The morphological analyzer is available for download from the following Google Drive link: https://drive.google.com/file/d/1Kt9YXhLw_UVMCefcRGworyHUdh-tyQRj/view With the link, you can download it directly to your machine. In order to download it from a terminal (i.e. on a remote server), you need to use an OAuth token as in the following steps:

Go to OAuth 2.0 Playground https://developers.google.com/oauthplayground/
In the Select the Scope box, paste https://www.googleapis.com/auth/drive.readonly
Click Authorize APIs and then Exchange authorization code for tokens
Copy the Access token
Run the following command in terminal, where ACCESS_TOKEN is the access token copied above:

curl -H "Authorization: Bearer ACCESS_TOKEN" https://www.googleapis.com/drive/v3/files/1Kt9YXhLw_UVMCefcRGworyHUdh-tyQRj?alt=media -o KINLP.tar.gz

The morphological analyzer/generator package installation directory needs to be refered as KINLP_HOME environmental variable or be installed in /opt/KINLP path as follow:

gunzip -c KINLP.tar.gz | tar x
rm KINLP.tar.gz
sudo ln -s </path/to/downloaded/KINLP> /opt/KINLP

You can configure the following environmental variables at the shell startup for the morphological analyze to be available; e.g:

UBUNTU_VERSION=$(lsb_release -r --short)
export KINLP_HOME=/opt/KINLP
export PATH=$PATH:$KINLP_HOME:$KINLP_HOME/bin/$UBUNTU_VERSION
export LD_LIBRARY_PATH=$LD_LIBRARY_PATH:$KINLP_HOME/lib/$UBUNTU_VERSION

Before using the morphological analyzer/generator, the following packages are needed on a Linux: gcc g++ make cmake libomp-dev libgsl-dev gsl-bin libgsl-dbg python3-pybind11 pybind11-dev unicode libicu-dev. You can install them on Ubuntu Linux as follows:

sudo apt update
sudo apt install -y nano gcc g++ make cmake ninja-build libomp-dev libgsl-dev gsl-bin libgsl-dbg python3-pybind11 pybind11-dev unicode libicu-dev

This has only been tested on Ubuntu versions 18.04, 20.04 and 22.04.

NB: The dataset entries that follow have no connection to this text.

(* Fix spins $j_1,\dots,j_4$ with $J=\sum_i j_i\in\mathbb{Z}$. For admissible $(S,T)$, with $k_{ij}=k_{ij}(j_i,S,T)$, $$2J_1\cdot J_2\,|S,T\rangle=\big(S(S+1)-j_1(j_1+1)-j_2(j_2+1)\big)|S,T\rangle+\big((k_{14}+1)(k_{23}+1)|S,T+1\rangle-k_{14}k_{23}|S,T\rangle\big)+\big((k_{13}+1)(k_{24}+1)|S,T-1\rangle-k_{13}k_{24}|S,T\rangle\big).$$ In particular $J_1\cdot J_2$ does not change the value of $S$. Similarly, $J_1\cdot J_3|S,T\rangle$ is a linear combination of states $|S',T\rangle$ with the same $T$.
   Context: $(z_i|S,T\rangle=\prod_{i<j}[z_i|z_j\rangle^{k_{ij}}/k_{ij}!$ is a holomorphic function of $z_1,\dots,z_4\in\mathbb{C}^2$, where $[z|w\rangle=z_0w_1-z_1w_0$. Here $U=J-S-T$ and $k_{12}=j_1+j_2-S$, $k_{34}=j_3+j_4-S$, $k_{13}=j_1+j_3-T$, $k_{24}=j_2+j_4-T$, $k_{14}=j_1+j_4-U$, $k_{23}=j_2+j_3-U$. $(S,T)$ is admissible iff all $k_{ij}\ge0$, and $|S,T\rangle:=0$ if $(S,T)$ is not admissible. The operators act on holomorphic functions of $(z_1,\dots,z_4)$ by $$E_{ij}=\sum_{A=0,1}z_i^A\frac{\partial}{\partial z_j^A},\qquad 2J_i\cdot J_j:=E_{ij}E_{ji}-\tfrac12E_{ii}E_{jj}-E_{ii}.$$ *)

(* states are polynomials ({mpoly R[8]}) in the 8 complex
   coordinates z_i^A (i < 4, A < 2); operators are formal differential
   operators, which agree with holomorphic derivatives on polynomials. *)
From HB Require Import structures.
From mathcomp Require Import all_boot all_order all_algebra.
From mathcomp Require Import mpoly.
Set Implicit Arguments. Unset Strict Implicit. Unset Printing Implicit Defensive.
Import Order.TTheory GRing.Theory Num.Theory.
Local Open Scope ring_scope.

(* index of the coordinate z_i^A, with i in {0..3} (spin label i+1) and A in {0,1} *)
Definition zidx (i : 'I_4) (A : 'I_2) : 'I_8 := inord (2 * i + A).

Section Ops.
Variable R : numFieldType.

Definition zv (i : 'I_4) (A : 'I_2) : {mpoly R[8]} := 'X_(zidx i A).

Definition brk (i j : 'I_4) : {mpoly R[8]} :=
  zv i 0 * zv j 1 - zv i 1 * zv j 0.

Definition Eop (i j : 'I_4) (p : {mpoly R[8]}) : {mpoly R[8]} :=
  zv i 0 * mderiv (zidx j 0) p + zv i 1 * mderiv (zidx j 1) p.

Definition twoJJ (i j : 'I_4) (p : {mpoly R[8]}) : {mpoly R[8]} :=
  Eop i j (Eop j i p) - 2^-1 *: Eop i i (Eop j j p) - Eop i i p.
End Ops.

(* Spins j1..j4, S, T are rationals (half-integers in practice). *)
Definition Utot (j1 j2 j3 j4 S T : rat) : rat := (j1 + j2 + j3 + j4) - S - T.
Definition k12 (j1 j2 j3 j4 S T : rat) : rat := j1 + j2 - S.
Definition k34 (j1 j2 j3 j4 S T : rat) : rat := j3 + j4 - S.
Definition k13 (j1 j2 j3 j4 S T : rat) : rat := j1 + j3 - T.
Definition k24 (j1 j2 j3 j4 S T : rat) : rat := j2 + j4 - T.
Definition k14 (j1 j2 j3 j4 S T : rat) : rat := j1 + j4 - Utot j1 j2 j3 j4 S T.
Definition k23 (j1 j2 j3 j4 S T : rat) : rat := j2 + j3 - Utot j1 j2 j3 j4 S T.

Definition admissible (j1 j2 j3 j4 S T : rat) : bool :=
  [&& k12 j1 j2 j3 j4 S T \is a Num.nat, k34 j1 j2 j3 j4 S T \is a Num.nat,
      k13 j1 j2 j3 j4 S T \is a Num.nat, k24 j1 j2 j3 j4 S T \is a Num.nat,
      k14 j1 j2 j3 j4 S T \is a Num.nat & k23 j1 j2 j3 j4 S T \is a Num.nat].

Definition bfac (R : numFieldType) (a b : 'I_4) (k : rat) : {mpoly R[8]} :=
  ((Num.truncn k)`!%:R)^-1 *: (brk R a b) ^+ (Num.truncn k).

Definition state (R : numFieldType) (j1 j2 j3 j4 S T : rat) : {mpoly R[8]} :=
  if admissible j1 j2 j3 j4 S T then
    bfac R 0 1 (k12 j1 j2 j3 j4 S T) * bfac R 2 3 (k34 j1 j2 j3 j4 S T) *
    bfac R 0 2 (k13 j1 j2 j3 j4 S T) * bfac R 1 3 (k24 j1 j2 j3 j4 S T) *
    bfac R 0 3 (k14 j1 j2 j3 j4 S T) * bfac R 1 2 (k23 j1 j2 j3 j4 S T)
  else 0.

From mathcomp Require Import all_boot all_order all_algebra.
From mathcomp Require Import mpoly.
From mathcomp Require Import ring lra zify.
Set Implicit Arguments. Unset Strict Implicit. Unset Printing Implicit Defensive.
Import Order.TTheory GRing.Theory Num.Theory.
Local Open Scope ring_scope.

(* Up to normalisation, |S,T> is the product of the divided powers
   [z_i|z_j>^k_ij / k_ij!. Each E_ij is a derivation acting on a bracket by
   substituting an index, so on such a product it moves one unit of exponent
   from one bracket to another; in J_1.J_2 the only moves trade (k13, k24) for
   (k14, k23), i.e. T -> T -+ 1, while E_ii is the degree operator in z_i.
   Extending divided powers by 0 to negative exponents makes these recurrences
   hold for all integer labels, and non-admissible labels are exactly those with
   a negative exponent, so both sides vanish together.  J_1.J_3 trades
   (k12, k34) for (k14, k23) instead, i.e. S -> S -+ 1. *)

Section DividedPowers.
Variables (R : numFieldType) (A : comAlgType R).

Definition dpow (p : A) (n : int) : A :=
  if n is Posz m then (m`!%:R)^-1 *: p ^+ m else 0.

Currently, the morphological analyzer/generator can be run in three different use-cases:

1. To check the license validity:

bash $KINLP_HOME/morphokin.sh license </path/to/LICENSE_FILE.dat>

2. Sentence analysis via interactive shell:

bash $KINLP_HOME/morphokin.sh snt </path/to/LICENSE_FILE.dat>

To exit the snt shell, enter either one of exit, EXIT, e, E, quit, QUIT, q, Q commands on the shell.

3. To run morphological analysis and synthesis server on a unix socket; e.g. for Python API calls:

nohup bash $KINLP_HOME/morphokin.sh rms </path/to/LICENSE_FILE.dat> &>> rms.log &

Getting the free license for the morphological analyzer

The free license is only allowed for academic and non-commercial use of the morphological analyzer/generator. Refer to the Terms and Conditions for the morphological analyzer/generator.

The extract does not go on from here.